Directions for this task
Filter the records below for the word "forall". Keep each line that has it.

Data section START

Lemma Qcycle_chain_sum n (F : nat -> chain R) :
  hom (chain_sum n (fun t => Qcycle (F t))) (Qcycle (chain_sum n F)).
Proof.
apply: homologous_ext => i j _ _.
by rewrite /chain_sum /Qcycle /pd_cycle /act_2k /act_l !sumrB big_split.
Qed.

Lemma isotypic_Qcycle r s x : summand_index k l r s -> isotypic k l r s x ->
  exists n (u v : nat -> chain R) (a b : nat -> R),
    (forall t, (t < n)%N -> equiv_pair k l r s (u t) (v t)) /\
    hom x (Qcycle (chain_sum n (fun t => lincomb (a t) (u t) (b t) (v t)))).
Proof.
move=> idx [_ [n [u [v [p [q [uv_equiv x_hom]]]]]]].
pose sol t := Q_solve (phi r) (phi r + theta s) (p t) (q t).
exists n, u, v, (fun t => (sol t).1), (fun t => (sol t).2); split=> //.
apply: homologous_trans x_hom _; apply: homologous_trans (Qcycle_chain_sum _ _).
apply: (homologous_chain_sum (F := fun t => lincomb (p t) (u t) (q t) (v t))) => t t_lt.
have [_ _ uvA uvL _] := uv_equiv t t_lt.
apply: lincomb_homologous_Qcycle uvA uvL _ _; last exact: cos_phi_theta_neq1.
by case/and3P: idx => r_bounds _ _; apply: cos_phi_neq1.
Qed.

Lemma omegaQ_isotypic_eq0 r s r' s' x n (u v : nat -> chain R) (a b : nat -> R) :
  summand_index k l r s -> summand_index k l r' s' -> ~~ same_class k l r s r' s' ->
  isotypic k l r s x -> (forall t, (t < n)%N -> equiv_pair k l r' s' (u t) (v t)) ->
  omegaQ x (chain_sum n (fun t => lincomb (a t) (u t) (b t) (v t))) = 0.
Proof.
move=> idx idx' diff [_ [m [u0 [v0 [p [q [uv0_equiv x_hom]]]]]]] uv_equiv.
rewrite (omegaQ_homologousl _ x_hom).
rewrite (omegaQ_chain_suml m (fun t => lincomb (p t) (u0 t) (q t) (v0 t))).
apply: big1 => t _; rewrite omegaQ_lincombl !omegaQ_chain_sumr.
have pairs_eq0 (t' : 'I_n) := omegaQ_equiv_pair_eq0 idx idx' diff
  (uv0_equiv t (ltn_ord t)) (uv_equiv t' (ltn_ord t')).
rewrite !big1 ?mulr0 ?addr0 // => t' _; have [e1 e2 e3 e4] := pairs_eq0 t';
  by rewrite omegaQ_lincombr ?e1 ?e2 ?e3 ?e4 !mulr0 addr0.
Qed.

Data section END

Exercise solution
    (forall t, (t < n)%N -> equiv_pair k l r s (u t) (v t)) /\
  isotypic k l r s x -> (forall t, (t < n)%N -> equiv_pair k l r' s' (u t) (v t)) ->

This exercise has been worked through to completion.